THE DATA:
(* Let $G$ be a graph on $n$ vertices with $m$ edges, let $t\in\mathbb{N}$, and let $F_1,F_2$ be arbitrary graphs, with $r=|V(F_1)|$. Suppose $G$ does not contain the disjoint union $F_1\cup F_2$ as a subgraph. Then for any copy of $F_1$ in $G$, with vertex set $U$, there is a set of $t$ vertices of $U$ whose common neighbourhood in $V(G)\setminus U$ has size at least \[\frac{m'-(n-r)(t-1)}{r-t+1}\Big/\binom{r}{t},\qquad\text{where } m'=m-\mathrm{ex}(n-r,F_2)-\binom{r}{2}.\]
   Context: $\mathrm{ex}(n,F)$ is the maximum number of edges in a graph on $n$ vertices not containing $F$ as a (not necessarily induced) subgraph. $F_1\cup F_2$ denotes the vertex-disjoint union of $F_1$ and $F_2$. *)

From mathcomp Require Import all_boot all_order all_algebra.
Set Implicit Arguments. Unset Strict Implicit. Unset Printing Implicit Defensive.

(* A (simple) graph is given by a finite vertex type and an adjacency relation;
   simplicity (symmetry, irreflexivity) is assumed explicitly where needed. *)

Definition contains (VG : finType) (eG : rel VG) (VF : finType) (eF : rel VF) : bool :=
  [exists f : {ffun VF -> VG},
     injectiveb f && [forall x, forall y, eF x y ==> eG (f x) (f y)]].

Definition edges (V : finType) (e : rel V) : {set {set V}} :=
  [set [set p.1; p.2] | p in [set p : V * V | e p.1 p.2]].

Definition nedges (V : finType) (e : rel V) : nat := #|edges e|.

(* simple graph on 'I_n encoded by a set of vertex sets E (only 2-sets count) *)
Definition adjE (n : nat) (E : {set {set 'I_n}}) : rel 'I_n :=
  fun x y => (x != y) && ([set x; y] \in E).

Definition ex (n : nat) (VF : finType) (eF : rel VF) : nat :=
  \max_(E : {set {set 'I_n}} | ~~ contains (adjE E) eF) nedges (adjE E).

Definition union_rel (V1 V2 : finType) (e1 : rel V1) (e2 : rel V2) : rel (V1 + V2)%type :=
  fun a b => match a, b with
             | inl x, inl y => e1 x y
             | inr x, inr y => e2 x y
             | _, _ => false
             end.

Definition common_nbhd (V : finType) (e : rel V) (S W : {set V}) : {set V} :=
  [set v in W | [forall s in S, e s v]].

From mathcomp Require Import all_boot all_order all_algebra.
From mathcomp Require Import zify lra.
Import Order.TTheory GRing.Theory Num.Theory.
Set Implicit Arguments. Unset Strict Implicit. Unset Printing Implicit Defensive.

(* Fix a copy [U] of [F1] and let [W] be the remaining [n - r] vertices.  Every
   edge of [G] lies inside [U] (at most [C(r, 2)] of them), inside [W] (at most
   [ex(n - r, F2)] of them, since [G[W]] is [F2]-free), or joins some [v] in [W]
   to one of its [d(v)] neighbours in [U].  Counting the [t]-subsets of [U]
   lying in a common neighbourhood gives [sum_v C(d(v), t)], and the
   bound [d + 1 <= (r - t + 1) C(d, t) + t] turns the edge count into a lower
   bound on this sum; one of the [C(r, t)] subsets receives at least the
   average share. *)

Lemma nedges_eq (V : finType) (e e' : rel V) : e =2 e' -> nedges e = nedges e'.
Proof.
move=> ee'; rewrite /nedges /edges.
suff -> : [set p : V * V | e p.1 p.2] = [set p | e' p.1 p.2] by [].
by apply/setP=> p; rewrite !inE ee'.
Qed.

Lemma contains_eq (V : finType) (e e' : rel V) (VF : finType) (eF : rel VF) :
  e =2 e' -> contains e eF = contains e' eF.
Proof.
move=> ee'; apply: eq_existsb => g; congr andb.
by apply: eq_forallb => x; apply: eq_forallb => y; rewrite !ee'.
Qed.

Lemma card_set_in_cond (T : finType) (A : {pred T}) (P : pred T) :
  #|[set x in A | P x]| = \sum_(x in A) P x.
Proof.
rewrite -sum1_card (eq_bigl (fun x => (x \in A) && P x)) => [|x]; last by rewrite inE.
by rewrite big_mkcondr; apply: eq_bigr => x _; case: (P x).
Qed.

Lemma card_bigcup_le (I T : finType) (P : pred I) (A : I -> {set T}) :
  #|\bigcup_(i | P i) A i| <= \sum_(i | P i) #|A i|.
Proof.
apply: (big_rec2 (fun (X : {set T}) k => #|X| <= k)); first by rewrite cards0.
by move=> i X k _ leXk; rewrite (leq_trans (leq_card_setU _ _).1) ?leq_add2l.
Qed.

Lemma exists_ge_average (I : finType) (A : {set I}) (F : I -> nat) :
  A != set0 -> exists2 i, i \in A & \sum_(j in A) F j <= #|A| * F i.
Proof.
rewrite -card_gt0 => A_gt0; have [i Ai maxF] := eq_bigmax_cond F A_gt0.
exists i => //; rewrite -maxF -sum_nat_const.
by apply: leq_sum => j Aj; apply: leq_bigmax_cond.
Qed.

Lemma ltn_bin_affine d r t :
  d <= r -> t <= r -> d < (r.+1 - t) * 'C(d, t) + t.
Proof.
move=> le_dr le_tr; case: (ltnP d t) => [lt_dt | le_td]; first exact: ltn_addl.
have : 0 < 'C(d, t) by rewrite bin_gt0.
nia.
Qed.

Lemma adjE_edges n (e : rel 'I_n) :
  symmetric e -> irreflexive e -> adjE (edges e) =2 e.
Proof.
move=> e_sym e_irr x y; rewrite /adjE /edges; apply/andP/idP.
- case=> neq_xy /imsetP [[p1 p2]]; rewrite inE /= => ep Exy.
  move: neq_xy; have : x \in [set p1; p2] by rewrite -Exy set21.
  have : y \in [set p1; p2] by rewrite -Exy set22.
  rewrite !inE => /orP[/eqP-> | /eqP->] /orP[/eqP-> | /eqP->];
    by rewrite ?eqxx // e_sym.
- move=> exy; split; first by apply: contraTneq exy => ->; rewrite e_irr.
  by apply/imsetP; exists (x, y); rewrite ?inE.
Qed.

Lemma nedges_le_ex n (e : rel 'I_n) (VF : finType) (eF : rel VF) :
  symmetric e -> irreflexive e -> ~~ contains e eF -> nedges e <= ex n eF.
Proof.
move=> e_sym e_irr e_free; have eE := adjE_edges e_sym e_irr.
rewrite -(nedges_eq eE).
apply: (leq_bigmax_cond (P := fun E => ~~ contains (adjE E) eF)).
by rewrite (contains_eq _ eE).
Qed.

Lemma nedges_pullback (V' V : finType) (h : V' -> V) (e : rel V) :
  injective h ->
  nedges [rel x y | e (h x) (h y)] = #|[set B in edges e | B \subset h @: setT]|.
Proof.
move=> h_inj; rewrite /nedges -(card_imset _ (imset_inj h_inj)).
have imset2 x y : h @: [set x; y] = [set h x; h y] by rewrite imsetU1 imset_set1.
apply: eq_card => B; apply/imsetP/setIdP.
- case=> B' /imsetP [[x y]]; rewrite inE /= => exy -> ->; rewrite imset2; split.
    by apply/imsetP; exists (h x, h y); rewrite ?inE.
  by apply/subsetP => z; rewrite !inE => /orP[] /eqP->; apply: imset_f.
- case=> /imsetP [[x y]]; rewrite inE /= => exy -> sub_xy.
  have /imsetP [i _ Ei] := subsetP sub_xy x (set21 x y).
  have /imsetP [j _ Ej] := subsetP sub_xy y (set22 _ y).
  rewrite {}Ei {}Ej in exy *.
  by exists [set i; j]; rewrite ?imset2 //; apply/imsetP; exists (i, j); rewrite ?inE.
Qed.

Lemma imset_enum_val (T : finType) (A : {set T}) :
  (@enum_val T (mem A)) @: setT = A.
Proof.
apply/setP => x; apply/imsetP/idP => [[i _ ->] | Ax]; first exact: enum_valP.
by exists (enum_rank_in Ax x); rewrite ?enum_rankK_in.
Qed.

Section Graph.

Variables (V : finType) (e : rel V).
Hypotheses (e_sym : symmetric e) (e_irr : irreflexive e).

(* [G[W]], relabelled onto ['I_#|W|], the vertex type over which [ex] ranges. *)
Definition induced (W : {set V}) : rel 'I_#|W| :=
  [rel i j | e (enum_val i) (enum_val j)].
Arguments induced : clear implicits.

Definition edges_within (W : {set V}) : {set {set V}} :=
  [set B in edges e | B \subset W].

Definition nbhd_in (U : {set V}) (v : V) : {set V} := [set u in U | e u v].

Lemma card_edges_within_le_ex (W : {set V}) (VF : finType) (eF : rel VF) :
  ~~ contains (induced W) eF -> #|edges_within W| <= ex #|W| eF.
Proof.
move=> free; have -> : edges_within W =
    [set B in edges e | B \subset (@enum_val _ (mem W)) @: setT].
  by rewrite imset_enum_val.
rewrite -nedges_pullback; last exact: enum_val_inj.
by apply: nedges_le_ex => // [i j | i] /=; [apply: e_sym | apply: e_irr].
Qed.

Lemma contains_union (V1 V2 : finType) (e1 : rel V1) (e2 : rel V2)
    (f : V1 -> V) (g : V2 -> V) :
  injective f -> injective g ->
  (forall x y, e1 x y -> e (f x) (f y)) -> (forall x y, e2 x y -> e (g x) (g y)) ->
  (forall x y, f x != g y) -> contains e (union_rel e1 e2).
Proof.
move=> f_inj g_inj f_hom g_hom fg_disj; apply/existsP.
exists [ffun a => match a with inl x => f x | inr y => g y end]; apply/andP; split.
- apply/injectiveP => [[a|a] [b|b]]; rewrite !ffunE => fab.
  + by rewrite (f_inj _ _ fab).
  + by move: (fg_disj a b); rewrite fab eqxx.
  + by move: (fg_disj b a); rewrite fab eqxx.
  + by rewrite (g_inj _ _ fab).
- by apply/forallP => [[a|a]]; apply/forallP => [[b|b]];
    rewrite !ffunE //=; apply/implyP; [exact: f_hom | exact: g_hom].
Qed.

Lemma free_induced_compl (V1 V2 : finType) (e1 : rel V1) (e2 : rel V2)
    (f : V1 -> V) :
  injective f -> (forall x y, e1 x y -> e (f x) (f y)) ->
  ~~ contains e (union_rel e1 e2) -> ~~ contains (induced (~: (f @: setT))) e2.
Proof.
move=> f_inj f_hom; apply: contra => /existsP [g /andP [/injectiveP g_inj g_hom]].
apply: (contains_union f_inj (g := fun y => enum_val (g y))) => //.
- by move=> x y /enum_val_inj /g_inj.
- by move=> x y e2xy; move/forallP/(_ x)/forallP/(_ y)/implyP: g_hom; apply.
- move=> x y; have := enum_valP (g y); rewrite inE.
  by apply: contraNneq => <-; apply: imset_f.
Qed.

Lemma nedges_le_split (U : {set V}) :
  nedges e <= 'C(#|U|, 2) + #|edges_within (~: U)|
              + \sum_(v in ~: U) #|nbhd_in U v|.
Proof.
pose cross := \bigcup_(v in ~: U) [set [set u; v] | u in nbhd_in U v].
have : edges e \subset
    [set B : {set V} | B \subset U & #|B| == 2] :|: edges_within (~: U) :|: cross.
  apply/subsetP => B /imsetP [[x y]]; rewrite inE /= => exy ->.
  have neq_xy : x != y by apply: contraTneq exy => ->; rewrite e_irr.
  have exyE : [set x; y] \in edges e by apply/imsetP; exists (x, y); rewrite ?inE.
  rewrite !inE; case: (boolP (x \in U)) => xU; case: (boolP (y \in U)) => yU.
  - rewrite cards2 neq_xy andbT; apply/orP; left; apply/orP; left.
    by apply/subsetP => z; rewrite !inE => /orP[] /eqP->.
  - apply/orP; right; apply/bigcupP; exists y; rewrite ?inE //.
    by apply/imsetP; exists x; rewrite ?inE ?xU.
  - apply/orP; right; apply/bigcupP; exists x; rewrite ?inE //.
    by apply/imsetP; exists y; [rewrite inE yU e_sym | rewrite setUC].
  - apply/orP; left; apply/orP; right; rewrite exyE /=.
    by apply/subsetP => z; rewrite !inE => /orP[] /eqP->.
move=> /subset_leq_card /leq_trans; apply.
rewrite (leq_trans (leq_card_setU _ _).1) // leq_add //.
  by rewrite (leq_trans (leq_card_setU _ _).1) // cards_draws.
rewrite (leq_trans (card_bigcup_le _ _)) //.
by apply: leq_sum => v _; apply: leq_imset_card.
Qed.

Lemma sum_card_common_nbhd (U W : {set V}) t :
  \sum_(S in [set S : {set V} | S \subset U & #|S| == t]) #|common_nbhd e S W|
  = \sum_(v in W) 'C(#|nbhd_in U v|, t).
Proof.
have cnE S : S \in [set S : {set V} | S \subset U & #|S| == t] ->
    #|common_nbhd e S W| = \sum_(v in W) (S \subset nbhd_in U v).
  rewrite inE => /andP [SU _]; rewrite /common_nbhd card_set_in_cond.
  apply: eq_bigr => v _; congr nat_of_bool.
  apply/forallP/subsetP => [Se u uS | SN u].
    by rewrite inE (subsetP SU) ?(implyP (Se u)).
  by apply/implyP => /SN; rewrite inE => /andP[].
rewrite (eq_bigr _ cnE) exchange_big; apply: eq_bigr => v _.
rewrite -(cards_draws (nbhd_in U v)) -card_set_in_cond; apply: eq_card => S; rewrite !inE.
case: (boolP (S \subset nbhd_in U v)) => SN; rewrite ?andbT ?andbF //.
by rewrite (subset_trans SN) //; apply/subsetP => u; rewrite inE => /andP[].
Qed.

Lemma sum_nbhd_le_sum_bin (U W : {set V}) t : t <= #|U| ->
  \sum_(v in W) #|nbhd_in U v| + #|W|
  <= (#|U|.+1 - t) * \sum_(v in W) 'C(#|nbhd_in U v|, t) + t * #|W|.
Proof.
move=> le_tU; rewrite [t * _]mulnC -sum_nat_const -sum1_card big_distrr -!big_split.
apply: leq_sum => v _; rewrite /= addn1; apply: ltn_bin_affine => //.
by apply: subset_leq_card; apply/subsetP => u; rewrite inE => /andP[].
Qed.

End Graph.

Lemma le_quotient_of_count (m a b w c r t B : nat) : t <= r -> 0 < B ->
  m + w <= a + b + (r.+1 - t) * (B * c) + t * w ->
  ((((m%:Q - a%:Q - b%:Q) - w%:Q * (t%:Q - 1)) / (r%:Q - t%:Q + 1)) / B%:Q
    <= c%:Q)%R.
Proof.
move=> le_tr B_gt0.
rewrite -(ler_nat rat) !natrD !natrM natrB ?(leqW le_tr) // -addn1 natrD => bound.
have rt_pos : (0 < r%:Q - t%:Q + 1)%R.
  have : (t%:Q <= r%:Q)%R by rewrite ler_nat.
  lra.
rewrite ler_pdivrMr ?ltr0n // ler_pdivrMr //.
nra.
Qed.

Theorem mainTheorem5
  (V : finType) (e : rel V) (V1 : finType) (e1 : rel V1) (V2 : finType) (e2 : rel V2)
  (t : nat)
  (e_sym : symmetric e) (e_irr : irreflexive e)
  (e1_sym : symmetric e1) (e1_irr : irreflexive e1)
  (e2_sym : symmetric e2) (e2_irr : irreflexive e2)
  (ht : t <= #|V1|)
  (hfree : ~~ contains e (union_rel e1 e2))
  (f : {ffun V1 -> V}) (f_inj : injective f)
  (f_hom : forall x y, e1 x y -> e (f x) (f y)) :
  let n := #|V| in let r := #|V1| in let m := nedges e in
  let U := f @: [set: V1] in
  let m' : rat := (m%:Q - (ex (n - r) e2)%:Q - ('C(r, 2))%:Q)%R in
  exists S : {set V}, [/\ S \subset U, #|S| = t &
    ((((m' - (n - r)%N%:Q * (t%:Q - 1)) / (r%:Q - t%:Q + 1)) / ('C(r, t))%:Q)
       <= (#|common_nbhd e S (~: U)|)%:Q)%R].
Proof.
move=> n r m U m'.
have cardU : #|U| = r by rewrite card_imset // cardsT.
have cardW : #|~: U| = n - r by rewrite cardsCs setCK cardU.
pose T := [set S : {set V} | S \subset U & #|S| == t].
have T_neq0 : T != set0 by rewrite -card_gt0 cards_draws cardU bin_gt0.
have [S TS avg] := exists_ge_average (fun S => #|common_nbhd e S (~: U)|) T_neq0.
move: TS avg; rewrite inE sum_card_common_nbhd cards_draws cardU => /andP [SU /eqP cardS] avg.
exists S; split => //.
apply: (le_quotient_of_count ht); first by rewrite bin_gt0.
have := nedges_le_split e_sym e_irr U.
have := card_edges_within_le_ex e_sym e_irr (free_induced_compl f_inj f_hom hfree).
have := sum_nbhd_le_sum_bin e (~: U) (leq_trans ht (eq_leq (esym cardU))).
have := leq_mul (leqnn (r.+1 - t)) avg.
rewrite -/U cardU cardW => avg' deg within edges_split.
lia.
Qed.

WORK INSTRUCTION:
The lines to copy are those above that contain "andP".

OUTPUT OF THE TASK:
move=> e_sym e_irr x y; rewrite /adjE /edges; apply/andP/idP.
exists [ffun a => match a with inl x => f x | inr y => g y end]; apply/andP; split.
move=> f_inj f_hom; apply: contra => /existsP [g /andP [/injectiveP g_inj g_hom]].
  rewrite inE => /andP [SU _]; rewrite /common_nbhd card_set_in_cond.
  by apply/implyP => /SN; rewrite inE => /andP[].
by rewrite (subset_trans SN) //; apply/subsetP => u; rewrite inE => /andP[].
by apply: subset_leq_card; apply/subsetP => u; rewrite inE => /andP[].
move: TS avg; rewrite inE sum_card_common_nbhd cards_draws cardU => /andP [SU /eqP cardS] avg.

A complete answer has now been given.